- _RECORDS SHOWN_:
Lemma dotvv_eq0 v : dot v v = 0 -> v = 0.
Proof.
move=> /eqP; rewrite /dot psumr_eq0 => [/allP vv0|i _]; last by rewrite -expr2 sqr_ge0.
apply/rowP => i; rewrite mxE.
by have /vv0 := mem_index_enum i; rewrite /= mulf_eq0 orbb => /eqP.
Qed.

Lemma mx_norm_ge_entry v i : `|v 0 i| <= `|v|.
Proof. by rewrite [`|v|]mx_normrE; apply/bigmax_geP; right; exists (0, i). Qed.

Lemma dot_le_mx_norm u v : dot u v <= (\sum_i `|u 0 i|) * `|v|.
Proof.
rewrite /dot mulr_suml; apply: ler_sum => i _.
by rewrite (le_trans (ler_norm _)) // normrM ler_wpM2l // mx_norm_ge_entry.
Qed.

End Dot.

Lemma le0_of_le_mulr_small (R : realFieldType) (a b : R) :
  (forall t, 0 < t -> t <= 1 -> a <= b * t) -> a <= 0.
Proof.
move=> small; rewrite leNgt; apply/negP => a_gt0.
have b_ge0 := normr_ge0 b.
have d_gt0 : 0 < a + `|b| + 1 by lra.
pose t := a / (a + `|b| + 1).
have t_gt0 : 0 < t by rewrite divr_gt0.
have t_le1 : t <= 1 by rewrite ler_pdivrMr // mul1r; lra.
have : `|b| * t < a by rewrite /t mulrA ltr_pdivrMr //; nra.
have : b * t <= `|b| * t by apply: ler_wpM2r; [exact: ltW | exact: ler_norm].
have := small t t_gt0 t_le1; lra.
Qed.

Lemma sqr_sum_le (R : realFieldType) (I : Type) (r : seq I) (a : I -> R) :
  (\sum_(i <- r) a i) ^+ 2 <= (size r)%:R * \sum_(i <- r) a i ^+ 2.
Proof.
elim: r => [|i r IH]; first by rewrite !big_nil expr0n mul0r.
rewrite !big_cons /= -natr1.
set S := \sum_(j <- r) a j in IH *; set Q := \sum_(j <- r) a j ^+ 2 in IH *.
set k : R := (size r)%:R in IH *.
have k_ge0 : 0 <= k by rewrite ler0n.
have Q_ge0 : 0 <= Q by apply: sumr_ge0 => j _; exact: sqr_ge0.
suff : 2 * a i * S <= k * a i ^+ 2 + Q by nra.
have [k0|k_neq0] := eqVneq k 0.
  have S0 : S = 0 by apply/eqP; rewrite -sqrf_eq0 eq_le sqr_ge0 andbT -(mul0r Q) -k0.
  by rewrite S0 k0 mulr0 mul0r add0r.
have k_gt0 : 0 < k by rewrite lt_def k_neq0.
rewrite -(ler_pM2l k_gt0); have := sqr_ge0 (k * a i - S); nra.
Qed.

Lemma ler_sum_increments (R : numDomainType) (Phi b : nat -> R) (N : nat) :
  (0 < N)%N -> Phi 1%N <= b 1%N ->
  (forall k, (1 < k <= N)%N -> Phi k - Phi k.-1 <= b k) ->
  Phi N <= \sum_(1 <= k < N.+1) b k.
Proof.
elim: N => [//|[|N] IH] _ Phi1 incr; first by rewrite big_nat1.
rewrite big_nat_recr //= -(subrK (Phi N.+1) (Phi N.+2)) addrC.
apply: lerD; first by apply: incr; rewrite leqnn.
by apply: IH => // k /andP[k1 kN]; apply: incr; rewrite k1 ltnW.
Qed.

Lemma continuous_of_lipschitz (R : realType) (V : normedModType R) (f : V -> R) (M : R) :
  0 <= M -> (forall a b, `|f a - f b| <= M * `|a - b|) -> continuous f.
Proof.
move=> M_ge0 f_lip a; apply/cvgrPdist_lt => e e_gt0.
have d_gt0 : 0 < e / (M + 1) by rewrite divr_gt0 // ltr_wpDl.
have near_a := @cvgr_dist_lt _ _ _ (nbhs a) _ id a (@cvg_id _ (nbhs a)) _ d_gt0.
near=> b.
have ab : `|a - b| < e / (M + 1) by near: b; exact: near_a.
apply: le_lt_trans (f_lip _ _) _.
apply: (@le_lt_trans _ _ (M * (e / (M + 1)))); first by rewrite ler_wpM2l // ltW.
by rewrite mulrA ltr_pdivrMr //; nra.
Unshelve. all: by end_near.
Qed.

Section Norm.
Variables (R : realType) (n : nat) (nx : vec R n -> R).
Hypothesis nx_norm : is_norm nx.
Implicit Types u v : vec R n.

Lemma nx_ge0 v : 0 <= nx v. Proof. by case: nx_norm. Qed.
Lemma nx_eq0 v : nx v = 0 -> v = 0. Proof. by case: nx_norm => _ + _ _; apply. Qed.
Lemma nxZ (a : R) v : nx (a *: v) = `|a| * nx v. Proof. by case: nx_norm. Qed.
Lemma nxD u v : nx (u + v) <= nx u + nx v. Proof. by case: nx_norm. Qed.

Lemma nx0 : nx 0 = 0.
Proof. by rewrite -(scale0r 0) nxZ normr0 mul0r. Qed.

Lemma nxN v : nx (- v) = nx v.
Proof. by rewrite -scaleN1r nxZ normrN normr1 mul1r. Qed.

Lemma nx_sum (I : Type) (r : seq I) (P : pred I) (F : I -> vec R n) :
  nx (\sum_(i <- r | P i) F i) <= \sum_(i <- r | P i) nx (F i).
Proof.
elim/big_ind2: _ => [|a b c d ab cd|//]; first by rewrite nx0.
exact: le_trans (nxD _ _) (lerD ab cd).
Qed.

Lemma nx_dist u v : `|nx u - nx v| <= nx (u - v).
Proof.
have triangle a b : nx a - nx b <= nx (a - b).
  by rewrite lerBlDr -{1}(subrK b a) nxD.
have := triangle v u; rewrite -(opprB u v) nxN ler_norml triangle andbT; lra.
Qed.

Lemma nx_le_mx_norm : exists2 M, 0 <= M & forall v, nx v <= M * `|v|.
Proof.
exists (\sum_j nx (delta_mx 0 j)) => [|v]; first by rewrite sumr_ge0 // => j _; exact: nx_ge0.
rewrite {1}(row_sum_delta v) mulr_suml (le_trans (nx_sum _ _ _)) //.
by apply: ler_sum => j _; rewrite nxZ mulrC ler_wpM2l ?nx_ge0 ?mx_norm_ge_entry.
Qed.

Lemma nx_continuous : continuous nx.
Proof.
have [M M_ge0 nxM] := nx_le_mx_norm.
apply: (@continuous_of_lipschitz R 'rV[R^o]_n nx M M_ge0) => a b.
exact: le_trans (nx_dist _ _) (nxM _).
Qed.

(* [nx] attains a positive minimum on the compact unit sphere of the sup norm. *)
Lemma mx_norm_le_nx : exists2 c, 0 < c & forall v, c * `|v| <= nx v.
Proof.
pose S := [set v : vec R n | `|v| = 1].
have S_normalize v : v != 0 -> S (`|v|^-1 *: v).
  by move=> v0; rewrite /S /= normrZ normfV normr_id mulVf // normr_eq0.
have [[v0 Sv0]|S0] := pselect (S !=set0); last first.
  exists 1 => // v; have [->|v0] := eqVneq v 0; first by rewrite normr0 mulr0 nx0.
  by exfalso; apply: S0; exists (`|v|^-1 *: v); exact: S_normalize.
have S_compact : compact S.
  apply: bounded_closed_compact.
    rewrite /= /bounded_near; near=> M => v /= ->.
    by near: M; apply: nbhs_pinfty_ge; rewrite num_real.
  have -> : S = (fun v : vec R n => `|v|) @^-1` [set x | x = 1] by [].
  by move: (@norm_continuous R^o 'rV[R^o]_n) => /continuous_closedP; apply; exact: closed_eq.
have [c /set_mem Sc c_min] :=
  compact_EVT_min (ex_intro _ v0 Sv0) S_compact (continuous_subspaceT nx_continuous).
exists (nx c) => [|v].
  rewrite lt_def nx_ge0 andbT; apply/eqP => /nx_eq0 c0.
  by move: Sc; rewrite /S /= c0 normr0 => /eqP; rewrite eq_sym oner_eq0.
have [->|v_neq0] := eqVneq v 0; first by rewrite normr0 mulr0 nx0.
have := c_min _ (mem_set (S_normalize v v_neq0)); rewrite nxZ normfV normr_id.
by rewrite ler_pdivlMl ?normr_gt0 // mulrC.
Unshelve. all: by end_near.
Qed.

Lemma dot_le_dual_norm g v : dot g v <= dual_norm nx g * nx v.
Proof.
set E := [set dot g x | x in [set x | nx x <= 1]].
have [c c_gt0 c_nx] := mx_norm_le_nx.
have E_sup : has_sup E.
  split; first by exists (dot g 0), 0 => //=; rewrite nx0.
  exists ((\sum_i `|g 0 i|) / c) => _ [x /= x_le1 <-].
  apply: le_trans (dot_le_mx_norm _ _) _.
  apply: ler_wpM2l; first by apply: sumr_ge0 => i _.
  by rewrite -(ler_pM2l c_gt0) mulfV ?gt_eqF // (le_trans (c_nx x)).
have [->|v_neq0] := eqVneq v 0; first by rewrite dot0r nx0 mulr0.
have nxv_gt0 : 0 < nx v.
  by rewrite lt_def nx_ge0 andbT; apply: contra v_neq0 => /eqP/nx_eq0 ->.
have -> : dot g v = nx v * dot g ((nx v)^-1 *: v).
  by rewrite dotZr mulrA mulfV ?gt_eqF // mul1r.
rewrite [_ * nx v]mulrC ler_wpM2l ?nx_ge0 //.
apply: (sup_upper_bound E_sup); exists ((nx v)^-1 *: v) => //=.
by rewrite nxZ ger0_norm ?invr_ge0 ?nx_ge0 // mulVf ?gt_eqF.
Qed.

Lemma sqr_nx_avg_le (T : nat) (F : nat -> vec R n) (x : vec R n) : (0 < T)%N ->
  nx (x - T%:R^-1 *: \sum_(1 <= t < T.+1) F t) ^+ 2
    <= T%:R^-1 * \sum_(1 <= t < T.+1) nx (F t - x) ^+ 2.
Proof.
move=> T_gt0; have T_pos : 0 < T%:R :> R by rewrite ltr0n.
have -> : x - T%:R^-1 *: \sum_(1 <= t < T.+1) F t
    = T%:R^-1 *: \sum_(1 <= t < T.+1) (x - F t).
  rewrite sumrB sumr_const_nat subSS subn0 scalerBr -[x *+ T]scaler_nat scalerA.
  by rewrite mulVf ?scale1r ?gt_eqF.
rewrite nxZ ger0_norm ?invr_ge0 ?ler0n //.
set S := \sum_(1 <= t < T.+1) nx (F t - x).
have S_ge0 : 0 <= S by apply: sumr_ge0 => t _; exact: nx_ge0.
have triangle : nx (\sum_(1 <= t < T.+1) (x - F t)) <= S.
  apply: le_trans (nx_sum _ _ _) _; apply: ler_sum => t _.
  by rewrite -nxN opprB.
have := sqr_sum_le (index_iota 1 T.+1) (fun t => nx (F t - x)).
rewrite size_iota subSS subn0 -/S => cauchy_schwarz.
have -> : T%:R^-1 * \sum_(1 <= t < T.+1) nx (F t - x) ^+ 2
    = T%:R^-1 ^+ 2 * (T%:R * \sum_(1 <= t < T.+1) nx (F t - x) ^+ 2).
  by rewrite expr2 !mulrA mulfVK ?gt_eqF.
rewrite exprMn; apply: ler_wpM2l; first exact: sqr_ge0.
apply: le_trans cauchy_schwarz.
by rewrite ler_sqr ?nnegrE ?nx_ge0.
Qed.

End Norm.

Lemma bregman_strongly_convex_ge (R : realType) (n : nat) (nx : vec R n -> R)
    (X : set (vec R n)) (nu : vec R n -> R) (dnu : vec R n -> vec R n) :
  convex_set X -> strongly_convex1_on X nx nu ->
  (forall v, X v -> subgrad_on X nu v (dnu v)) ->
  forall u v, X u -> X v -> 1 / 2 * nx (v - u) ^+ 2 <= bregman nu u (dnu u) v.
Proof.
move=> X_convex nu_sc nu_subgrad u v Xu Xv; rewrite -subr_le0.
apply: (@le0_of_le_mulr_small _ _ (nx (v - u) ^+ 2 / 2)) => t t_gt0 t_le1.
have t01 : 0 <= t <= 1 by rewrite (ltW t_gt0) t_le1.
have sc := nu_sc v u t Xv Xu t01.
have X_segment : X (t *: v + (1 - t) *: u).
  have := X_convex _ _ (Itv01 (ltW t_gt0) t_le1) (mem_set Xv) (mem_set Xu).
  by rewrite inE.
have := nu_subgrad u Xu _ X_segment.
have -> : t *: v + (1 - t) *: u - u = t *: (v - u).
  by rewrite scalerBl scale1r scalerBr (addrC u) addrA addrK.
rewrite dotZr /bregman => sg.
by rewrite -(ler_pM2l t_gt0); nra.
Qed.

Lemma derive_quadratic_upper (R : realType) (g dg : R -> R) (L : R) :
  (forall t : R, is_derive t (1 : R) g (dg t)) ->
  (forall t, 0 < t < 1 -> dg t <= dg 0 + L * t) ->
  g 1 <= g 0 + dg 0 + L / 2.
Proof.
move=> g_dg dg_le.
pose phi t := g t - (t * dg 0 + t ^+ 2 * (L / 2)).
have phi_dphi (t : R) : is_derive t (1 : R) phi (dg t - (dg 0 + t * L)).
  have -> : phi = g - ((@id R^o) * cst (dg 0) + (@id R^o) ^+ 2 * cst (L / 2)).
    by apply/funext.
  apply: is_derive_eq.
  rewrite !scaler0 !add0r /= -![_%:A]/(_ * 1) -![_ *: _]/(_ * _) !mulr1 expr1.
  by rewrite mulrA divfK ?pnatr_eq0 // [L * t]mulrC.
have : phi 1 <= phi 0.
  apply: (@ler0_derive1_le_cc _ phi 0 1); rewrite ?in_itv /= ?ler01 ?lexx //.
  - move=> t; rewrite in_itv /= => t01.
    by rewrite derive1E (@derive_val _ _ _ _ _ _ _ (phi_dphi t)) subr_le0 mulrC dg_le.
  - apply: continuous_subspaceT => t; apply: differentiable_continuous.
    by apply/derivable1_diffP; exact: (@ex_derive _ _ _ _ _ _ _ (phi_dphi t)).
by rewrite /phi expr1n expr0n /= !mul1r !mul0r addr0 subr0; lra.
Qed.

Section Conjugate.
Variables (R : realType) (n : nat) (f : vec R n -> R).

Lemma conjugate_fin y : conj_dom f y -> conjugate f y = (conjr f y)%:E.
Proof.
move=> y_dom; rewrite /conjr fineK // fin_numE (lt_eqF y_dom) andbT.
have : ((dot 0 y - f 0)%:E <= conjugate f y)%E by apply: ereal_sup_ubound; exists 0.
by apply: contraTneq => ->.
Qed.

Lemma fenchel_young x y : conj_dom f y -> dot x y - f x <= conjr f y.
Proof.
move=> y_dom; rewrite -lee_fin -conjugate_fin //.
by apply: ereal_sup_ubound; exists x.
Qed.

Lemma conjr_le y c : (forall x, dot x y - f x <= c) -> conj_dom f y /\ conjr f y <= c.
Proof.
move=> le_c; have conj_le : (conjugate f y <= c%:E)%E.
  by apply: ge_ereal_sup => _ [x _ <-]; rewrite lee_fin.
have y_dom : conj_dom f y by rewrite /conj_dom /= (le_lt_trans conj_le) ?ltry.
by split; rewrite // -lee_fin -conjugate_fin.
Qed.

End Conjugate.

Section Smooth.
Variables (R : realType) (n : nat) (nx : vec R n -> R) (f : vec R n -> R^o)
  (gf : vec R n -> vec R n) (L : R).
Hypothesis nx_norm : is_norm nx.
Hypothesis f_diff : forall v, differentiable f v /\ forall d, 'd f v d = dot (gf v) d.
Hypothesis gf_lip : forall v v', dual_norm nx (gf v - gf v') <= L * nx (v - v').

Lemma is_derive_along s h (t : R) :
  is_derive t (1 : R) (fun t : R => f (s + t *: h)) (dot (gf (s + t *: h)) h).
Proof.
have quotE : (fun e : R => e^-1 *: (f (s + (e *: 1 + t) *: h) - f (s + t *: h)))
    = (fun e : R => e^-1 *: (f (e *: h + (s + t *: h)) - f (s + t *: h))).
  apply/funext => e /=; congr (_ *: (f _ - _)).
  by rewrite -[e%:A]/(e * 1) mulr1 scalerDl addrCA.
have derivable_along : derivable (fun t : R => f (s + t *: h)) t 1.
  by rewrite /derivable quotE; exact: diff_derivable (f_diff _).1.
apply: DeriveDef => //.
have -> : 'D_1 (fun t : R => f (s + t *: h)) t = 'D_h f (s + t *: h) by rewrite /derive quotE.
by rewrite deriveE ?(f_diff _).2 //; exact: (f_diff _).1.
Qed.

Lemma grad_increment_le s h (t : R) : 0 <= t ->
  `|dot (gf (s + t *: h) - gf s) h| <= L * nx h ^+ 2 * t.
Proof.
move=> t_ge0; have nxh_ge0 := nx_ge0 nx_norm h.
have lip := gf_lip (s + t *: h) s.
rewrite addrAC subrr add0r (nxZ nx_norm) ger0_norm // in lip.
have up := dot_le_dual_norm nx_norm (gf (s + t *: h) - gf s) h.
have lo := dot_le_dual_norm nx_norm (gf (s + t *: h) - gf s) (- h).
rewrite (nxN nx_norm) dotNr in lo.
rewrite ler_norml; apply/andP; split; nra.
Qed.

- _REQUIRED ACTION_: Every line above from the line with "elim: N => [//|[|N]" to the line with "(nx : vec R n -> R).", both included, must be reproduced exactly, and no other line may appear.

- _ANSWER SECTION_:
elim: N => [//|[|N] IH] _ Phi1 incr; first by rewrite big_nat1.
rewrite big_nat_recr //= -(subrK (Phi N.+1) (Phi N.+2)) addrC.
apply: lerD; first by apply: incr; rewrite leqnn.
by apply: IH => // k /andP[k1 kN]; apply: incr; rewrite k1 ltnW.
Qed.

Lemma continuous_of_lipschitz (R : realType) (V : normedModType R) (f : V -> R) (M : R) :
  0 <= M -> (forall a b, `|f a - f b| <= M * `|a - b|) -> continuous f.
Proof.
move=> M_ge0 f_lip a; apply/cvgrPdist_lt => e e_gt0.
have d_gt0 : 0 < e / (M + 1) by rewrite divr_gt0 // ltr_wpDl.
have near_a := @cvgr_dist_lt _ _ _ (nbhs a) _ id a (@cvg_id _ (nbhs a)) _ d_gt0.
near=> b.
have ab : `|a - b| < e / (M + 1) by near: b; exact: near_a.
apply: le_lt_trans (f_lip _ _) _.
apply: (@le_lt_trans _ _ (M * (e / (M + 1)))); first by rewrite ler_wpM2l // ltW.
by rewrite mulrA ltr_pdivrMr //; nra.
Unshelve. all: by end_near.
Qed.

Section Norm.
Variables (R : realType) (n : nat) (nx : vec R n -> R).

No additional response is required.